The next step should be pretty blunt. Senga has to show the Mets a cleaner outing.

It does not have to be 7 scoreless innings with 12 strikeouts. It just has to look like a pitcher in control of his delivery and the count. He needs more strikes, fewer free bases, no hit batters, and no wild pitches turning a normal inning into a stress test. That is what the Mets need before they can seriously talk themselves into handing him a major league start again.

The season has already been rough enough on the rotation. Senga opened the year with 2 useful starts, then things unraveled before the injured list entered the picture. His major league line still shows a 9.00 ERA over 20 innings, with too many walks and too many hard innings packed into a short sample.

The Mets should make him force the decision

The best version of this is Senga taking the ball in his next rehab start and making the decision obvious.

That has not happened yet.

Right now, the Mets are looking at a starter who is building volume, missing some bats, and still fighting the strike zone too much.
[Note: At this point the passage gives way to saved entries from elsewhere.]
(* If the face [a x = k] of [B] is empty, the single cut [a] already pushes
   the valid inequality [a x <= k] down to [a x <= k - 1]: by
   [penalty_bound], [a x] stays a positive distance below [k] on B. *)
Lemma cut_empty_face (B : set (E -> R)) (a : E -> int) (k : int) :
  closed (B : set rvec) -> B `<=` cube -> (forall x, B x -> dotz a x <= k%:~R) ->
  face B a k%:~R = set0 -> CG B a `<=` [set x | dotz a x <= (k - 1)%:~R].
Proof.
move=> Bcl Bcube Ha B0 x [Bx Hx]; apply: le_trans Hx _; rewrite ler_int.
have no_face y : B y -> dotz a y = k%:~R -> dotz (fun=> 0) y <= -1.
  by move=> By Hy; have : face B a k%:~R y by []; rewrite B0.
have half : (-1 : R) < -(1/2) by lra.
have [n Hn] := penalty_bound Bcl Bcube Ha no_face half.
have n0 : (0 < n)%N.
  by rewrite lt0n; apply/eqP => n0; have := Hn x Bx; rewrite n0 dotz0; lra.
have np : (0 : R) < n%:R by rewrite ltr0n.
have Hsup : support_fun B a <= k%:~R - 1 / (2 * n%:R).
  apply: support_fun_le; first by exists x.
  move=> y By; have := Hn y By; rewrite dotz0 add0r => Hy.
  rewrite -(ler_pM2l np) mulrBr.
  have -> : n%:R * (1 / (2 * n%:R)) = 1 / 2 :> R by field; rewrite pnatr_eq0 -lt0n.
  lra.
rewrite -ltzD1 subrK floor_lt_int; apply: le_lt_trans Hsup _.
by rewrite ltrBlDr ltrDl divr_gt0 // mulr_gt0.
Qed.

(* Any cut [c] on the face [a x = k] of [B] can be simulated on [B] itself:
   the rotated cut [c + n a], for [n] large, cuts [B] so that its trace on
   the face is contained in the CG cut of the face by [c]. *)
Lemma cut_rotate (B : set (E -> R)) (a c : E -> int) (k : int) :
  closed (B : set rvec) -> B `<=` cube -> (forall x, B x -> dotz a x <= k%:~R) ->
  exists v : E -> int, face (CG B v) a k%:~R `<=` CG (face B a k%:~R) c.
Proof.
move=> Bcl Bcube Ha.
set F := face B a k%:~R; set g0 := support_fun F c.
set g1 := (g0 + ((Num.floor g0)%:~R + 1)) / 2.
have g0_lt : g0 < (Num.floor g0)%:~R + 1 by rewrite -intrD1 floorD1_gt.
have Fcube : F `<=` cube by move=> x /face_subset /Bcube.
have on_face x : B x -> dotz a x = k%:~R -> dotz c x <= g0.
  by move=> Bx Hx; apply: support_fun_ge.
have g01 : g0 < g1 by rewrite /g1; lra.
have [n Hn] := penalty_bound Bcl Bcube Ha on_face g01.
exists (fun i => c i + n%:Z * a i) => x [[Bx Hv] Hax]; split; first by split.
have Hsup : support_fun B (fun i => c i + n%:Z * a i) <= g1 + (n%:Z * k)%:~R.
  apply: support_fun_le; first by exists x.
  by move=> y By; rewrite dotz_comb intrM; have := Hn y By; lra.
have Hfloor : Num.floor (support_fun B (fun i => c i + n%:Z * a i))
    <= Num.floor g0 + n%:Z * k.
  apply: le_trans (le_floor Hsup) _.
  rewrite floorDrz ?intr_int // intrKfloor lerD2r.
  by rewrite -ltzD1 floor_lt_int intrD1 /g1; lra.
move: Hv; rewrite dotz_comb Hax => Hv.
have : dotz c x + n%:R * k%:~R <= (Num.floor g0 + n%:Z * k)%:~R.
  by apply: le_trans Hv _; rewrite ler_int.
by rewrite intrD intrM; lra.
Qed.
That is not enough for a team trying to stop the rotation from wobbling every few nights.

Senga’s return can still be a major lift. It probably has to be if the Mets are going to stabilize this season and keep their pitching staff from feeling patched together every week.

But the path back should run through performance, not hope. The Mets need an arm in the rotation. They just cannot afford to pretend this rehab assignment has been anything close to reassuring.